Your task is to extract the lines from the one holding "have -> : \sum_(k" through the end of the material. Set them down exactly and add nothing.
* * *
(* Split the sum according to the sign of f (v k): both halves are positive
   and below the whole sum, hence of norm at most M. *)
Lemma bl_dual_sum_abs_le (v : nat -> X) (f : X -> R) (M : R) N :
  dual_set f -> (forall k, le 0 (v k)) -> `|\sum_(k < N) v k| <= M ->
  \sum_(k < N) `|f (v k)| <= (dual_norm f * M) *+ 2.
Proof.
move=> df v_ge0 vM; pose P := fun k : 'I_N => 0 <= f (v k).
pose vp := \sum_(k < N | P k) v k; pose vn := \sum_(k < N | ~~ P k) v k.
have sum_ge0 (Q : pred 'I_N) : le 0 (\sum_(k < N | Q k) v k).
  have := ogrp_le_sum bl_addr bl_trans bl_refl (index_enum 'I_N) Q (fun=> 0) v.
  by rewrite big1_eq; apply=> k _.
have vpn : \sum_(k < N) v k = vp + vn by rewrite (bigID P).
have vp_le : `|vp| <= M.
  apply: le_trans vM; apply: bl_norm_le (sum_ge0 _) _.
  rewrite vpn -[X in le X _]addr0.
  exact: (ogrp_leD bl_addr bl_trans (bl_refl _) (sum_ge0 _)).
have vn_le : `|vn| <= M.
  apply: le_trans vM; apply: bl_norm_le (sum_ge0 _) _.
  rewrite vpn -[X in le X _]add0r.
  exact: (ogrp_leD bl_addr bl_trans (sum_ge0 _) (bl_refl _)).
have -> : \sum_(k < N) `|f (v k)| = f vp - f vn.
  rewrite (bigID P) /= !(dual_sum df) -sumrN; congr (_ + _); apply: eq_bigr => k.
    by move=> fk; rewrite ger0_norm.
  by rewrite -ltNge => fk; rewrite ltr0_norm.
apply: le_trans (ler_norm _) _; apply: le_trans (ler_normB _ _) _.
by rewrite mulr2n; apply: lerD; apply: le_trans (dual_norm_bound df _) _;
  rewrite ler_wpM2l ?dual_norm_ge0.
Qed.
* * *
§ **Exercise output**:
have -> : \sum_(k < N) `|f (v k)| = f vp - f vn.
  rewrite (bigID P) /= !(dual_sum df) -sumrN; congr (_ + _); apply: eq_bigr => k.
    by move=> fk; rewrite ger0_norm.
  by rewrite -ltNge => fk; rewrite ltr0_norm.
apply: le_trans (ler_norm _) _; apply: le_trans (ler_normB _ _) _.
by rewrite mulr2n; apply: lerD; apply: le_trans (dual_norm_bound df _) _;
  rewrite ler_wpM2l ?dual_norm_ge0.
Qed.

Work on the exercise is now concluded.